EXERCISE DETAILS => A line below contains "Definition is_base (Phi", and a later one contains "((forall a, a". Repeat both, with every line between them, exactly.

SOURCE INFORMATION =>
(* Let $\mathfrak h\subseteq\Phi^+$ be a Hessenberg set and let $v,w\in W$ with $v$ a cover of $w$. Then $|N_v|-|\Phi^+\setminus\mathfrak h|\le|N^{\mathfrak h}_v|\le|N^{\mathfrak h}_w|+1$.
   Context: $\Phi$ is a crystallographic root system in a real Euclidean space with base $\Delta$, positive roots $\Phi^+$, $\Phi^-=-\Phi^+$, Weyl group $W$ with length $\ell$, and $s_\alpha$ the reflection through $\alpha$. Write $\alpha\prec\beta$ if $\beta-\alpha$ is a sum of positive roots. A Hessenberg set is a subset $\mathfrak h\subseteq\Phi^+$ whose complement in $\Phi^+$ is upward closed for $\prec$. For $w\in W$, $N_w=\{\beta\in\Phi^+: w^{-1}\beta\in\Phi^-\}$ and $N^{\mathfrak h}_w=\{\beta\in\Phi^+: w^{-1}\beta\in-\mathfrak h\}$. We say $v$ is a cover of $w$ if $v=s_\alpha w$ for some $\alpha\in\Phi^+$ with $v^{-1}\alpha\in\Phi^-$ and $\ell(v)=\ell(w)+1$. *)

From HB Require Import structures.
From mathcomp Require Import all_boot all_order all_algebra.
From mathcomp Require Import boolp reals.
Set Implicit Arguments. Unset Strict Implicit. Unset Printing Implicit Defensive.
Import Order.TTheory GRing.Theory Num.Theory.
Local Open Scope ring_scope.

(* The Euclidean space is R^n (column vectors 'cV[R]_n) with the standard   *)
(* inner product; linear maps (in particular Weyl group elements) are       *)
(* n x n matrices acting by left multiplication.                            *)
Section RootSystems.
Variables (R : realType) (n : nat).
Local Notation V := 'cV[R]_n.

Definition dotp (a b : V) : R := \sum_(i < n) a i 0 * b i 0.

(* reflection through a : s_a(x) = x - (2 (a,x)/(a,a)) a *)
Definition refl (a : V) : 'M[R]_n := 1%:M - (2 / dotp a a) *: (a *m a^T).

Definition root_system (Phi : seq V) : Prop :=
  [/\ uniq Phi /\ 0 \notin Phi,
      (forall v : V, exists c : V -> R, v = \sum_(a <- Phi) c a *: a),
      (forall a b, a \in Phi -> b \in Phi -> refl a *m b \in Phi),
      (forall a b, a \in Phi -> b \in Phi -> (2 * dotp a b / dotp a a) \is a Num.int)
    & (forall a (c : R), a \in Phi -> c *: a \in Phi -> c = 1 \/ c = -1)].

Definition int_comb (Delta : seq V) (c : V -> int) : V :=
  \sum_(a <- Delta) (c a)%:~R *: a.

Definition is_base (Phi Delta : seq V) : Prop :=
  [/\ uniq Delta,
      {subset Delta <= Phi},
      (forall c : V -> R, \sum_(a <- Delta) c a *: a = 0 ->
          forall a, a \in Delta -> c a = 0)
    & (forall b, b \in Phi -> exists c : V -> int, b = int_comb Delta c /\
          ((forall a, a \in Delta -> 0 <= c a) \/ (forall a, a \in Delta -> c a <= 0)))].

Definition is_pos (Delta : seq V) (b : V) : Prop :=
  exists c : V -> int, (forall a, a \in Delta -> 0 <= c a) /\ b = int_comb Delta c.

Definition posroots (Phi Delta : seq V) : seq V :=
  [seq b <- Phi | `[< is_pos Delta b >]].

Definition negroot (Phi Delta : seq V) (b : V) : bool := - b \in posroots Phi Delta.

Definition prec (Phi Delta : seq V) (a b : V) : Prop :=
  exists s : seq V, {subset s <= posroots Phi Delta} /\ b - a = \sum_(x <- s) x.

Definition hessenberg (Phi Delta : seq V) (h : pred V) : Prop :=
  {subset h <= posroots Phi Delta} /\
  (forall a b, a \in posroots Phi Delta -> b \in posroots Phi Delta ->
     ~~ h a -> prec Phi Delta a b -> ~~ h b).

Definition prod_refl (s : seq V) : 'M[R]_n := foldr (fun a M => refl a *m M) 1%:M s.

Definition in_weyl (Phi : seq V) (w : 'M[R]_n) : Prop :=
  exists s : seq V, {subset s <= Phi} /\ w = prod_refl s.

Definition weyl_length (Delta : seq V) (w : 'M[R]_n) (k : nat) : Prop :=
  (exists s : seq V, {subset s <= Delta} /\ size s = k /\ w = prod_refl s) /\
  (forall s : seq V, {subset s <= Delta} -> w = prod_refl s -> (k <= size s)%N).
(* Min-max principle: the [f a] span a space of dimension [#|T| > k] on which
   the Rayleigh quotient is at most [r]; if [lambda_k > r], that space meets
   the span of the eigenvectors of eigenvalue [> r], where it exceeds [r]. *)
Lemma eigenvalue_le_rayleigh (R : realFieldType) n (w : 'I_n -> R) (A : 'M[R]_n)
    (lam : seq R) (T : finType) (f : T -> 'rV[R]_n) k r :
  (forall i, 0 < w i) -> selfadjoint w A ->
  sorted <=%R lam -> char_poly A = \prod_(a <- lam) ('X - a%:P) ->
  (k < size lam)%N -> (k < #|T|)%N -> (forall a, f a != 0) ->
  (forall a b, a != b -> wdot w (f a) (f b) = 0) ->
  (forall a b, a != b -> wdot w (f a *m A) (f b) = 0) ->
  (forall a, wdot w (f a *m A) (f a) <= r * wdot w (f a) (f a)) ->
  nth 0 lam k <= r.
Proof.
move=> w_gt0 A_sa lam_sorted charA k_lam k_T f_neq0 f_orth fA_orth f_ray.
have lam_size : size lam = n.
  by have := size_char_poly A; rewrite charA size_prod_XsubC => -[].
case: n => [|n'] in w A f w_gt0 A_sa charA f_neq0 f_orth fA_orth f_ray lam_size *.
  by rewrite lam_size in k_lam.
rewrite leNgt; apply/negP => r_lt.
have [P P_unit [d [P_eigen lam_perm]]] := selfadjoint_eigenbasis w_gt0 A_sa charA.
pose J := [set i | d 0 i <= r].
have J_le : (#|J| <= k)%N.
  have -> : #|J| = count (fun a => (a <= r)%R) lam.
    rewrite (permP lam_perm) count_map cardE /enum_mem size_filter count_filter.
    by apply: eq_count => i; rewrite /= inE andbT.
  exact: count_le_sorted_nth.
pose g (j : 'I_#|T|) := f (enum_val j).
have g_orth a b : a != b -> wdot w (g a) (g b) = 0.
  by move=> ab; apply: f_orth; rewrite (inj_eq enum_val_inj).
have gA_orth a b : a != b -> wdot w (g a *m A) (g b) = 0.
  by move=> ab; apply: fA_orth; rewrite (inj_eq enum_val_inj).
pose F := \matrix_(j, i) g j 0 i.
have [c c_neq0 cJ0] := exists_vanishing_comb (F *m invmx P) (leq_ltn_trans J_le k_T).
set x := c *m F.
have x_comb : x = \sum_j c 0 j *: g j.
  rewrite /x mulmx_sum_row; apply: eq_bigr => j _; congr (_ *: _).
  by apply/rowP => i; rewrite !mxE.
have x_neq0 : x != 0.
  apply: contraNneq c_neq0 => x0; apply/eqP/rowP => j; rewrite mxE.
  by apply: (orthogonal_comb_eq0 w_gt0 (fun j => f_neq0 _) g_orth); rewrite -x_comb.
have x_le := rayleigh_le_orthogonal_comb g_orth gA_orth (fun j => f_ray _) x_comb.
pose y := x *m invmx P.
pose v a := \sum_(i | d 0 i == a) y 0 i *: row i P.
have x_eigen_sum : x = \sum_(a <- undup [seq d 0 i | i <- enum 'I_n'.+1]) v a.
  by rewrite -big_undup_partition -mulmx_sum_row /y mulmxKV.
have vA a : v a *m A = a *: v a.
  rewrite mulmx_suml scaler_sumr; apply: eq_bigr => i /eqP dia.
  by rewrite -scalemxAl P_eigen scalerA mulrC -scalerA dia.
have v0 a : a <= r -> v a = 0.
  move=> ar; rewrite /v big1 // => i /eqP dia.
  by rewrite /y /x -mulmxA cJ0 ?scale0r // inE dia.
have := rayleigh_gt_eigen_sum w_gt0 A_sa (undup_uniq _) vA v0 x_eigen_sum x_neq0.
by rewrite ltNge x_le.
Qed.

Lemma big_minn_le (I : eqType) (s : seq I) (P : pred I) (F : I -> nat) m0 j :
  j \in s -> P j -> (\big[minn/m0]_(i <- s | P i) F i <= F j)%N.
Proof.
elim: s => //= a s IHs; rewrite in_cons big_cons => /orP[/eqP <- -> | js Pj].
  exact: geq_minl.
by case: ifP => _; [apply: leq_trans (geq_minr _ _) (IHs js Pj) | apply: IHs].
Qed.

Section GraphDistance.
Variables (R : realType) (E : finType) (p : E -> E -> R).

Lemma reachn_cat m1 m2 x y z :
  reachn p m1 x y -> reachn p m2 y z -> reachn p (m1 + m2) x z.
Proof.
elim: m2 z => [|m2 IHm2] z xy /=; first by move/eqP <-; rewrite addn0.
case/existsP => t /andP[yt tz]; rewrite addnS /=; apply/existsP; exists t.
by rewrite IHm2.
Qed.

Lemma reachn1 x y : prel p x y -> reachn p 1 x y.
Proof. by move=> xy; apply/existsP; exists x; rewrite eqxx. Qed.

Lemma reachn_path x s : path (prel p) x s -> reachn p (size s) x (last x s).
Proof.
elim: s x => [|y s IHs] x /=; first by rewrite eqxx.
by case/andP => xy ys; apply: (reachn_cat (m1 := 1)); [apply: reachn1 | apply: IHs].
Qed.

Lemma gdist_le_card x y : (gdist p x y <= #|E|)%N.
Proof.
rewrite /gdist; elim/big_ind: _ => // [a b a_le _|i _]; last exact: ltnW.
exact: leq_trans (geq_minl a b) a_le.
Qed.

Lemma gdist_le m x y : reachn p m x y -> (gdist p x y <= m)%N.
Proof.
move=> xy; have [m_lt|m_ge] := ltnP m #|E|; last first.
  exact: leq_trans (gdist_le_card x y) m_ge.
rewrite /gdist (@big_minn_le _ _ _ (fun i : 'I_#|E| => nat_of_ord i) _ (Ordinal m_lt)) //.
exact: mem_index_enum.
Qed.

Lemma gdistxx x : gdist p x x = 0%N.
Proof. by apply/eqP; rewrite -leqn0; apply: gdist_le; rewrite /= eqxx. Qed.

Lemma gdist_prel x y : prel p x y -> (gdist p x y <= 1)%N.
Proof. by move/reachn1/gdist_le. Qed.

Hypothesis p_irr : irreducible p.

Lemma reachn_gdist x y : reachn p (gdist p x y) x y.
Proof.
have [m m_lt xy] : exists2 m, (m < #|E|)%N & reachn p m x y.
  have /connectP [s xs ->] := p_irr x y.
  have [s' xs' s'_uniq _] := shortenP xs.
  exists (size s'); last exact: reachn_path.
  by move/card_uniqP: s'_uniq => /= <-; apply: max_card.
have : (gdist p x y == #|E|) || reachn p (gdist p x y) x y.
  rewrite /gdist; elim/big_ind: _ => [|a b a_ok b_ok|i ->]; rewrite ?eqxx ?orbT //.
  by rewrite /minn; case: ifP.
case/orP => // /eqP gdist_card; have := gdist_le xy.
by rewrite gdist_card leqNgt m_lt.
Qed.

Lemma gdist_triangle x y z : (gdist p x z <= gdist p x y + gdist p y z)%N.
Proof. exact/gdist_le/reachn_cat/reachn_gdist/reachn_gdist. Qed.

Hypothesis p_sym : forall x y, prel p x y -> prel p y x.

RESPONSE =>
Definition is_base (Phi Delta : seq V) : Prop :=
  [/\ uniq Delta,
      {subset Delta <= Phi},
      (forall c : V -> R, \sum_(a <- Delta) c a *: a = 0 ->
          forall a, a \in Delta -> c a = 0)
    & (forall b, b \in Phi -> exists c : V -> int, b = int_comb Delta c /\
          ((forall a, a \in Delta -> 0 <= c a) \/ (forall a, a \in Delta -> c a <= 0)))].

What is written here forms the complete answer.